Note! This assignment is currently inactive. Major and minor unannounced changes may be made at any time.

 
 


Exercises for this week relate to this week's lecture.
Pre-reading for this week will prepare next week's lecture.
Exercises and pre-reading will be topics on next week's quiz.



Reading from last class

Two papers that discuss the concept of system in systems biology. This is intended as brief reading, to reinforce some of the ideas we explored in class. You should be familiar with the main concepts that are discussed here, but I will not require you to reproduce details of the articles in the quiz.

Bizzarri et al. (2013) Theoretical aspects of Systems Biology. Prog Biophys Mol Biol 112:33-43. (pmid: 23562476)

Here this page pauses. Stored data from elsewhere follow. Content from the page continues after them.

(* Let $n\ge2$ and consider the network in which every pair of the $n$ clients shares exactly one message unique to that pair and there are no other messages (so $m=\binom{n}{2}$ and the hypergraph representation is the complete simple graph $K_n$). Then for every integer $\tau$ with $1\le\tau\le\lfloor n/2\rfloor$, $\mathsf{S}^{(\tau)}_{\mathrm{L}}(\{\mathcal{I}_j\})=\tau(n-2)$.
   Context: Network model: $n$ clients $c_1,\dots,c_n$, finite sets $\mathcal{I}_1,\dots,\mathcal{I}_n$ of message indices; messages $X_i$ i.i.d. uniform on a finite field $\mathbb{F}$ with $|\mathbb{F}|>n$; client $c_j$ holds $\{X_i:i\in\mathcal{I}_j\}$; $\underline{X}$ is the vector of all messages. A protocol: in each of $t$ rounds one client broadcasts to all an element of $\mathbb{F}$ that is a function of its own messages, the round index, and all previous broadcasts; $\mathbf{T}(\underline{X})\in\mathbb{F}^t$ collects the broadcasts. Linear protocol: each broadcast is an $\mathbb{F}$-linear combination of the transmitter's messages. A protocol generates $\tau$ secret keys if there are functions $\mathsf{k}_j$ with $K=\mathsf{k}_1(\{X_i:i\in\mathcal{I}_1\},\mathbf{T}(\underline{X}))$ such that (i) $\mathsf{k}_j(\{X_i:i\in\mathcal{I}_j\},\mathbf{T}(\underline{X}))=K$ a.s. for all $j$; (ii) $K$ is uniform on $\mathbb{F}^\tau$; (iii) $I(K;\mathbf{T}(\underline{X}))=0$. $\mathsf{S}^{(\tau)}_{\mathrm{L}}(\{\mathcal{I}_j\})$ is the minimum number of transmissions of a linear protocol generating $\tau$ secret keys ($\infty$ if none). The hypergraph representation of $\{\mathcal{I}_j\}$ has vertex set $\{c_1,\dots,c_n\}$ and one hyperedge for each message index $e$, with $c_j\in e$ iff $e\in\mathcal{I}_j$. *)

From HB Require Import structures.
From mathcomp Require Import all_boot all_order all_algebra all_field.
Set Implicit Arguments. Unset Strict Implicit. Unset Printing Implicit Defensive.
Import GRing.Theory.
Local Open Scope ring_scope.

(* General network: n clients ('I_n), finite type M of message indices,
   [holds j e] iff message e belongs to I_j (client j holds X_e).
   A realisation of the messages is X : {ffun M -> F}; the messages are
   i.i.d. uniform, i.e. X is uniform on {ffun M -> F}, so probabilities
   are counts divided by #|{ffun M -> F}|. *)

Definition lin_transmit (F : fieldType) (M : finType) (t : nat)
  (A : 'I_t -> M -> F) (X : {ffun M -> F}) : 'rV[F]_t :=
  \row_(r < t) \sum_(e : M) A r e * X e.

Definition is_linear_protocol (F : fieldType) (n : nat) (M : finType)
  (holds : 'I_n -> M -> bool) (t : nat) (s : 'I_t -> 'I_n)
  (A : 'I_t -> M -> F) : Prop :=
  forall r e, A r e != 0 -> holds (s r) e.

Definition generates_keys (F : finFieldType) (n : nat) (M : finType)
  (holds : 'I_n -> M -> bool) (t tau : nat)
  (T : {ffun M -> F} -> 'rV[F]_t) : Prop :=
  exists (k : 'I_n -> {ffun M -> F} -> 'rV[F]_t -> 'rV[F]_tau)
         (K : {ffun M -> F} -> 'rV[F]_tau),
    (forall j (X Y : {ffun M -> F}) y,
        (forall e, holds j e -> X e = Y e) -> k j X y = k j Y y) /\
    (* (i) every client recovers the same key K (a.s. = surely, since every
       realisation has positive probability) *)
    (forall j X, k j X (T X) = K X) /\
    (* (ii) K is uniform on F^tau *)
    (forall kappa : 'rV[F]_tau,
        (#|[set X | K X == kappa]| * #|F| ^ tau = #|{: {ffun M -> F}}|)%N) /\
    (* (iii) I(K; T) = 0, i.e. K and T(X) are independent *)
    (forall (kappa : 'rV[F]_tau) (y : 'rV[F]_t),
        (#|[set X | (K X == kappa) && (T X == y)]| * #|{: {ffun M -> F}}|
         = #|[set X | K X == kappa]| * #|[set X | T X == y]|)%N).

Definition lin_keys_with (F : finFieldType) (n : nat) (M : finType)
  (holds : 'I_n -> M -> bool) (tau t : nat) : Prop :=
  exists (s : 'I_t -> 'I_n) (A : 'I_t -> M -> F),
    is_linear_protocol holds s A /\
    generates_keys holds tau (lin_transmit A).

Definition SL_eq (F : finFieldType) (n : nat) (M : finType)
  (holds : 'I_n -> M -> bool) (tau v : nat) : Prop :=
  lin_keys_with F holds tau v /\
  (forall t, lin_keys_with F holds tau t -> (v <= t)%N).

(* Complete graph K_n: one message per unordered pair {i,j}, i < j,
   held exactly by c_i and c_j. *)
Definition pair_msg (n : nat) := {p : 'I_n * 'I_n | (p.1 < p.2)%N}.

Definition Kn_holds (n : nat) (j : 'I_n) (e : pair_msg n) : bool :=
  ((val e).1 == j) || ((val e).2 == j).

(* Write the protocol as the t x m matrix [A] of its broadcasts
   and let [V_j] be the coordinate space of the messages client [j] holds.
   Moving the messages along a vector orthogonal to [A + V_j] changes neither
   the broadcasts nor client [j]'s view, hence not the key; so the key is
   constant on the cosets of the sum [S] of these spaces inside [ker A], and
   [tau <= dim ker A - dim S <= dim D - rank A] for [D] the intersection of
   the [A + V_j]. Every message is held by exactly two clients, so with
   distinct scalars [l_j] the copies [(D :&: V_j) * (1 | l_j)] are independent
   subspaces of [D * (1 | 0) + D * (0 | 1)]: [sum_j dim (D :&: V_j) <= 2 dim D].
   Since [dim (D :&: V_j) = dim D - rank A + dim (A :&: V_j)] and every row of
   [A] lies in the [V_j] of its sender, this gives
   [(n - 2) (dim D - rank A) <= rank A <= t]. Pair client [2i] with [2i+1] for [i < tau]; key [i] is the
   message they share, broadcast [n - 2] times, each time masked by a message
   that one of them shares with one of the other clients, no mask being used
   twice. Keys and broadcasts then form a surjective linear map of the
   messages, which makes the key uniform and independent of the broadcasts. *)

From mathcomp Require Import all_boot all_order all_algebra all_field.
From mathcomp Require Import zify.
Set Implicit Arguments. Unset Strict Implicit. Unset Printing Implicit Defensive.
Import GRing.Theory.
Local Open Scope ring_scope.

PubMed ] [ DOI ] The natural world consists of hierarchical levels of complexity that range from subatomic particles and molecules to ecosystems and beyond. This implies that, in order to explain the features and behavior of a whole system, a theory might be required that would operate at the corresponding hierarchical level, i.e. where self-organization processes take place. In the past, biological research has focused on questions that could be answered by a reductionist program of genetics. The organism (and its development) was considered an epiphenomenona of its genes. However, a profound rethinking of the biological paradigm is now underway and it is likely that such a process will lead to a conceptual revolution emerging from the ashes of reductionism. This revolution implies the search for general principles on which a cogent theory of biology might rely. Because much of the logic of living systems is located at higher levels, it is imperative to focus on them. Indeed, both evolution and physiology work on these levels. Thus, by no means Systems Biology could be considered a 'simple' 'gradual' extension of Molecular Biology.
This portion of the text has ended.